- Your assignment
Go through the entries, filter for the word "invmx", and copy every line that has it.
--------------------------------------------------
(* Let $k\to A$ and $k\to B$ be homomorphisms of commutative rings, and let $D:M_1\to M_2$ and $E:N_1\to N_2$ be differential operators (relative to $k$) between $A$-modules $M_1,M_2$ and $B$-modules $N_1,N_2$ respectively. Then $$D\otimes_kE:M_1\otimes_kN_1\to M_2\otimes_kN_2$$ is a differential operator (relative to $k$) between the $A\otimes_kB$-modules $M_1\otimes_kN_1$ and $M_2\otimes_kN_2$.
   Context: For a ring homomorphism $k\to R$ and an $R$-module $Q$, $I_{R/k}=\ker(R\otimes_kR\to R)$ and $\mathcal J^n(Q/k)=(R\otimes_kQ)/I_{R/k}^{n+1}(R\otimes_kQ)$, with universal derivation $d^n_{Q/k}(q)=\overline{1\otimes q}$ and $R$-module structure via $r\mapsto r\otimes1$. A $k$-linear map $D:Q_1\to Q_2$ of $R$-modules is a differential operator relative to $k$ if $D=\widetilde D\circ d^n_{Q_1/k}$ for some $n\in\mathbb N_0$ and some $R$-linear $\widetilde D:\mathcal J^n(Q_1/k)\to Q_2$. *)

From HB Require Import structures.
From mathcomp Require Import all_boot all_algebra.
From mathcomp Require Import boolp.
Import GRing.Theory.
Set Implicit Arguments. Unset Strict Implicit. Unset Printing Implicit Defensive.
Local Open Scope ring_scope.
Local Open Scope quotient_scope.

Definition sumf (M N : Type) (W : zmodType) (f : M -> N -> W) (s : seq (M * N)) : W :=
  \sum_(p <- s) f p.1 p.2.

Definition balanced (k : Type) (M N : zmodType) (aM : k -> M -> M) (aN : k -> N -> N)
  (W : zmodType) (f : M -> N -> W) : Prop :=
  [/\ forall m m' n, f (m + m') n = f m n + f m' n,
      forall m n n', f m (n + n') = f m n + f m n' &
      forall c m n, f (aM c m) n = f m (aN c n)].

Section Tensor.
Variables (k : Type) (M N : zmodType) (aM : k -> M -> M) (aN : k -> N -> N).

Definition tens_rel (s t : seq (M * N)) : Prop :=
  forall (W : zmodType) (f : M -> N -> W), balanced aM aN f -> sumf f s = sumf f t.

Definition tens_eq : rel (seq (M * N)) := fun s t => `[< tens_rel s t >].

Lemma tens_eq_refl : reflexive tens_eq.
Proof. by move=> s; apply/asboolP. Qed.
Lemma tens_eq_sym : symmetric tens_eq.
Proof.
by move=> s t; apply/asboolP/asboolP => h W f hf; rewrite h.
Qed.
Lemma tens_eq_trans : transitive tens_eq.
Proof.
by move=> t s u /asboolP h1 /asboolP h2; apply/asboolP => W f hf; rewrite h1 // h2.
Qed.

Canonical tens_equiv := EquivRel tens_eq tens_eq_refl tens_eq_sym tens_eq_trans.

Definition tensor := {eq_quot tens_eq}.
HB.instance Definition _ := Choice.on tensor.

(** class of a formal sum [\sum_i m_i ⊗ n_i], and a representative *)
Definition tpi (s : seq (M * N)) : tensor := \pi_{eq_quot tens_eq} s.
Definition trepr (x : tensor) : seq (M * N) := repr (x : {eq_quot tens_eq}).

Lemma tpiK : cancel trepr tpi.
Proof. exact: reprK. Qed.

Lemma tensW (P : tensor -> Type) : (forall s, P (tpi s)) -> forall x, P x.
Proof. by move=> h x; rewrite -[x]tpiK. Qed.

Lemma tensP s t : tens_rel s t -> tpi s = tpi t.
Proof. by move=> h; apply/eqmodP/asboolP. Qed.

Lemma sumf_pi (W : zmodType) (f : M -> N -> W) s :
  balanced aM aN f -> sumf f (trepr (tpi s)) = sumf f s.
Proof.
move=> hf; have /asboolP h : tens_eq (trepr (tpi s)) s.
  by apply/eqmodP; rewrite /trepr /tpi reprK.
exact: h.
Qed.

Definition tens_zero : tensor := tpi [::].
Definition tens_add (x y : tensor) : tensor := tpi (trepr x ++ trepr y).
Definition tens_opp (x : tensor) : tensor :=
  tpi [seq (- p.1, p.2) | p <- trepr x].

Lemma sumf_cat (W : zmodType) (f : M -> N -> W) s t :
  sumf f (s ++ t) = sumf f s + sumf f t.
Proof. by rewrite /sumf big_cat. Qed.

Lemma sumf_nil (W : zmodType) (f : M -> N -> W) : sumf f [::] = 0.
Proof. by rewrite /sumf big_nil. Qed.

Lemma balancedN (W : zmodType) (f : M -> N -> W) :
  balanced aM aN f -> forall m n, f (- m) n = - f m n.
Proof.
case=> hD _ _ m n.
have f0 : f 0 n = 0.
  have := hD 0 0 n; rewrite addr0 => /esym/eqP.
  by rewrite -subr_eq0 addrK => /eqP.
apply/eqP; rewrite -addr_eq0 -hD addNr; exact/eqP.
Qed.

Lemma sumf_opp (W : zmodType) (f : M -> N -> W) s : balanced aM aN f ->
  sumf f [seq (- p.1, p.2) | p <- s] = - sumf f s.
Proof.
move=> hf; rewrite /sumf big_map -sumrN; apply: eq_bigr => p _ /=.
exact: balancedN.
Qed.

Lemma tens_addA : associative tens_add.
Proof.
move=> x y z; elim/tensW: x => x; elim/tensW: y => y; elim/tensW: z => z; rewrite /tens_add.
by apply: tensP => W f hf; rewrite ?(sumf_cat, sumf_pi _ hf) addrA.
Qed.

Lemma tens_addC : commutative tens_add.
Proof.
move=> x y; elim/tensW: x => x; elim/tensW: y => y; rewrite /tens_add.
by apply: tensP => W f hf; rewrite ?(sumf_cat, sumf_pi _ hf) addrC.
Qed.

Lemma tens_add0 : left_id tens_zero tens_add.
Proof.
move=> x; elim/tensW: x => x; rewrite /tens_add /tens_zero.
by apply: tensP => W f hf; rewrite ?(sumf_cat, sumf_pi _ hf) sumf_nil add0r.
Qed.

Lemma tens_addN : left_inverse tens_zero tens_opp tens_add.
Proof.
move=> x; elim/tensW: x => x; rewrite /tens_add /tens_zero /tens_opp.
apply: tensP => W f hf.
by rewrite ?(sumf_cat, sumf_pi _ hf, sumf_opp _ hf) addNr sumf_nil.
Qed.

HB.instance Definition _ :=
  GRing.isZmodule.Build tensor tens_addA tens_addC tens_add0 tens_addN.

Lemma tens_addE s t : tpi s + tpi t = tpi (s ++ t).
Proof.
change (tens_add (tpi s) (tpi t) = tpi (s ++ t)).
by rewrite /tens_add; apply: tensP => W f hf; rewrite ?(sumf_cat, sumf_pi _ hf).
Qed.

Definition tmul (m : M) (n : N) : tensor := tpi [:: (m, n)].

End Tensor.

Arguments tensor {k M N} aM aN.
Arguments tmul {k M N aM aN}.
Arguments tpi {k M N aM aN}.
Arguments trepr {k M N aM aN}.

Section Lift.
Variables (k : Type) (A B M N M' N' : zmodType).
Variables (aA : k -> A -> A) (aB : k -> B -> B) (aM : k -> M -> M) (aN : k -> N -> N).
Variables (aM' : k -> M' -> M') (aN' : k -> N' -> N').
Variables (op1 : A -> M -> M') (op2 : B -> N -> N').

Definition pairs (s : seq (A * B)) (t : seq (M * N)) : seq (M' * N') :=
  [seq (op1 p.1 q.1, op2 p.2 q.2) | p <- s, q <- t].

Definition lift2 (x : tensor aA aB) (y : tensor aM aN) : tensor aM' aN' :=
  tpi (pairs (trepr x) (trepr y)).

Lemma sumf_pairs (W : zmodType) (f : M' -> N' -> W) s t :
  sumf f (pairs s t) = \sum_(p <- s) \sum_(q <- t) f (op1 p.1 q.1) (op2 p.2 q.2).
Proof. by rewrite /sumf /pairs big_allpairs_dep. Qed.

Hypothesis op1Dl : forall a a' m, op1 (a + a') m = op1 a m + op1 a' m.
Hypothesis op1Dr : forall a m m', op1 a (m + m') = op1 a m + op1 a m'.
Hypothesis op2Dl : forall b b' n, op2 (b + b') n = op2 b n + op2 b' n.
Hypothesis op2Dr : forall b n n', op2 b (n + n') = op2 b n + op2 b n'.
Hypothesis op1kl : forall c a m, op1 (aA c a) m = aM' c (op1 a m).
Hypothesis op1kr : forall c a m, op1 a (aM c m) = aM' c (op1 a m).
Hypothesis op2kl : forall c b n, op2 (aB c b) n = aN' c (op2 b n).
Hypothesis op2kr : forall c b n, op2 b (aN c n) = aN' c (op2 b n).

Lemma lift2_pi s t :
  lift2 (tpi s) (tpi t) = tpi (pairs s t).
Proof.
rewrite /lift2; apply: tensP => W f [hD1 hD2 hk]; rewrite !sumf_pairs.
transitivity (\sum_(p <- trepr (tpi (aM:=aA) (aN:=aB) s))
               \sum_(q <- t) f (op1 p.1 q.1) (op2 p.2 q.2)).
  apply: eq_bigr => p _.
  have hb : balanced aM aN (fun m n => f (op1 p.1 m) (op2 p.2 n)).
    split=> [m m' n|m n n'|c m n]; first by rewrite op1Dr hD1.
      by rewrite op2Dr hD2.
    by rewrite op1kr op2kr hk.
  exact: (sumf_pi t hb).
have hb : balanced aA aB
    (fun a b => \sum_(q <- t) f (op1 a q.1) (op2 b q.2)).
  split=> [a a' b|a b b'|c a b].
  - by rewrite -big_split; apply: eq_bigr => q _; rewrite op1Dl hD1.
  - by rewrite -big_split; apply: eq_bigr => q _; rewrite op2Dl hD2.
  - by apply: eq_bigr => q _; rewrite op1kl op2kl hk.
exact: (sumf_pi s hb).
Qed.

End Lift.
--------------------------------------------------
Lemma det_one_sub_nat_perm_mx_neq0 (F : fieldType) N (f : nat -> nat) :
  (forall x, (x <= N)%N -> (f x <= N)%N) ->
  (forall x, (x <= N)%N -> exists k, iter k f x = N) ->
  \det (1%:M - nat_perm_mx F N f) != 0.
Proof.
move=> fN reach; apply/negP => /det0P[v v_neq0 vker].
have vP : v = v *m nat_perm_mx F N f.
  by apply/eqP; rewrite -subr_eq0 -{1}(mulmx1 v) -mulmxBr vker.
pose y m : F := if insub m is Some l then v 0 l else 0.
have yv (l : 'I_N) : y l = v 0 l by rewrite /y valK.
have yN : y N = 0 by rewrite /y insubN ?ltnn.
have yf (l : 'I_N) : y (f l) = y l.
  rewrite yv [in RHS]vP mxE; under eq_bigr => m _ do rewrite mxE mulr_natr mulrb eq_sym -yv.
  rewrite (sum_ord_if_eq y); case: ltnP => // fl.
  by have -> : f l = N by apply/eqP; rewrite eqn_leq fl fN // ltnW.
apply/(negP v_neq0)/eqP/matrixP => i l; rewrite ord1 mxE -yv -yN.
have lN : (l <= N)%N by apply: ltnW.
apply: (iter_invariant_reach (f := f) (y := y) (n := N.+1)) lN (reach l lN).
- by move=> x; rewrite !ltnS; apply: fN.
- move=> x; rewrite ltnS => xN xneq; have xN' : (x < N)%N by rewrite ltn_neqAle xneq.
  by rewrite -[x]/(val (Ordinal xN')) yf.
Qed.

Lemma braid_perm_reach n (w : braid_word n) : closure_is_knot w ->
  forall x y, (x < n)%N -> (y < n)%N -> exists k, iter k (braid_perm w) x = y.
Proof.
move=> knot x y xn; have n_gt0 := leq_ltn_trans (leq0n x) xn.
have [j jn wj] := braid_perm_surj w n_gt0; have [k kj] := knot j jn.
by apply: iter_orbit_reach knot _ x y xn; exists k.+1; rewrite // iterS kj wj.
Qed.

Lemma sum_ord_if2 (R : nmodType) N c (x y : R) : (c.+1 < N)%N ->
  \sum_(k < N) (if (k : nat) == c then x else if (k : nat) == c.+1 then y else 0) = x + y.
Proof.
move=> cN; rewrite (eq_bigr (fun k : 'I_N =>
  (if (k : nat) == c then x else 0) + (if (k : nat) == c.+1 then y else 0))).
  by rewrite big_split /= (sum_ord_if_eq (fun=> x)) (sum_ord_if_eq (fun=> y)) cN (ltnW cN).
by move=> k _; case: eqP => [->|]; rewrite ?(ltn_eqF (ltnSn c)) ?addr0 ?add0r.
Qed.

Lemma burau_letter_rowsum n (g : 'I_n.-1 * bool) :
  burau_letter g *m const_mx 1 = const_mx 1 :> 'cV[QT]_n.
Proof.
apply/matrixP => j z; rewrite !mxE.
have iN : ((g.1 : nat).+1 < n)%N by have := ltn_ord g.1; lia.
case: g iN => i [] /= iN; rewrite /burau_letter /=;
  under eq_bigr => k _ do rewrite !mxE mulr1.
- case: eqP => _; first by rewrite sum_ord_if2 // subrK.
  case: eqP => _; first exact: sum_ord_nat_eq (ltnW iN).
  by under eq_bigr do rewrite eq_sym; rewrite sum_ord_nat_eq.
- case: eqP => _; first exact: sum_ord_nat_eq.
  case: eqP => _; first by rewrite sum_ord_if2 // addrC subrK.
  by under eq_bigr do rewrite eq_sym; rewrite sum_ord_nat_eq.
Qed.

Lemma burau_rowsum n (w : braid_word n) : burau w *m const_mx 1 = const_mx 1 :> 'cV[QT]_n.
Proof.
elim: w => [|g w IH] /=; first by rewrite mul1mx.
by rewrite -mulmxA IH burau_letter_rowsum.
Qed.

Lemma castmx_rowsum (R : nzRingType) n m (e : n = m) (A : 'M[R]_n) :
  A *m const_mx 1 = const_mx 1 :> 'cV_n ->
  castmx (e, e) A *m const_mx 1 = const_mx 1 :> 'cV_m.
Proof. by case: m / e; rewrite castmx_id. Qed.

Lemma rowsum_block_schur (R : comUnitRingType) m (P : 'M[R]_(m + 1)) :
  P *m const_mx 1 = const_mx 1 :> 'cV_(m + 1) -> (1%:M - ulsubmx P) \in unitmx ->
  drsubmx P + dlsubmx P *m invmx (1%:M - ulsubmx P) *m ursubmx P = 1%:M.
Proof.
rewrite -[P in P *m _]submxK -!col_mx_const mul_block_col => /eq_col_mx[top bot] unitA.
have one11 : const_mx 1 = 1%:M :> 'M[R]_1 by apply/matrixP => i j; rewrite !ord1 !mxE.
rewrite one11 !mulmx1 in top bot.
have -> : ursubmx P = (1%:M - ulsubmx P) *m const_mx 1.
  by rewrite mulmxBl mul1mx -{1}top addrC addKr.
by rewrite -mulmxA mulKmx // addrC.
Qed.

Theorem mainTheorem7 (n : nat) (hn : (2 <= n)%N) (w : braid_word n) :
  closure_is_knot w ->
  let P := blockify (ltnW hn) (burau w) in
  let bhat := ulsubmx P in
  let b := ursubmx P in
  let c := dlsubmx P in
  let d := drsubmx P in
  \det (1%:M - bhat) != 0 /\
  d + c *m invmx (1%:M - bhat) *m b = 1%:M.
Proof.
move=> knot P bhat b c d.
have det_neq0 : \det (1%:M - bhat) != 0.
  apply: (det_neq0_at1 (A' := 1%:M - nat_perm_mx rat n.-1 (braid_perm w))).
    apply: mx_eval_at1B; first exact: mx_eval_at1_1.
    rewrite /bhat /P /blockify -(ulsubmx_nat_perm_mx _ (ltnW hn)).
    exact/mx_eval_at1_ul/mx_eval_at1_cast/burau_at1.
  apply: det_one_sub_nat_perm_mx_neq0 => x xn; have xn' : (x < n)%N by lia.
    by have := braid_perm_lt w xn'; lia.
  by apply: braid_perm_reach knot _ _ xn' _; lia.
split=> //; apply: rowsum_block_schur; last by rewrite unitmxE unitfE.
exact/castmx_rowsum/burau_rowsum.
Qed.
--------------------------------------------------
- The answer
  drsubmx P + dlsubmx P *m invmx (1%:M - ulsubmx P) *m ursubmx P = 1%:M.
  d + c *m invmx (1%:M - bhat) *m b = 1%:M.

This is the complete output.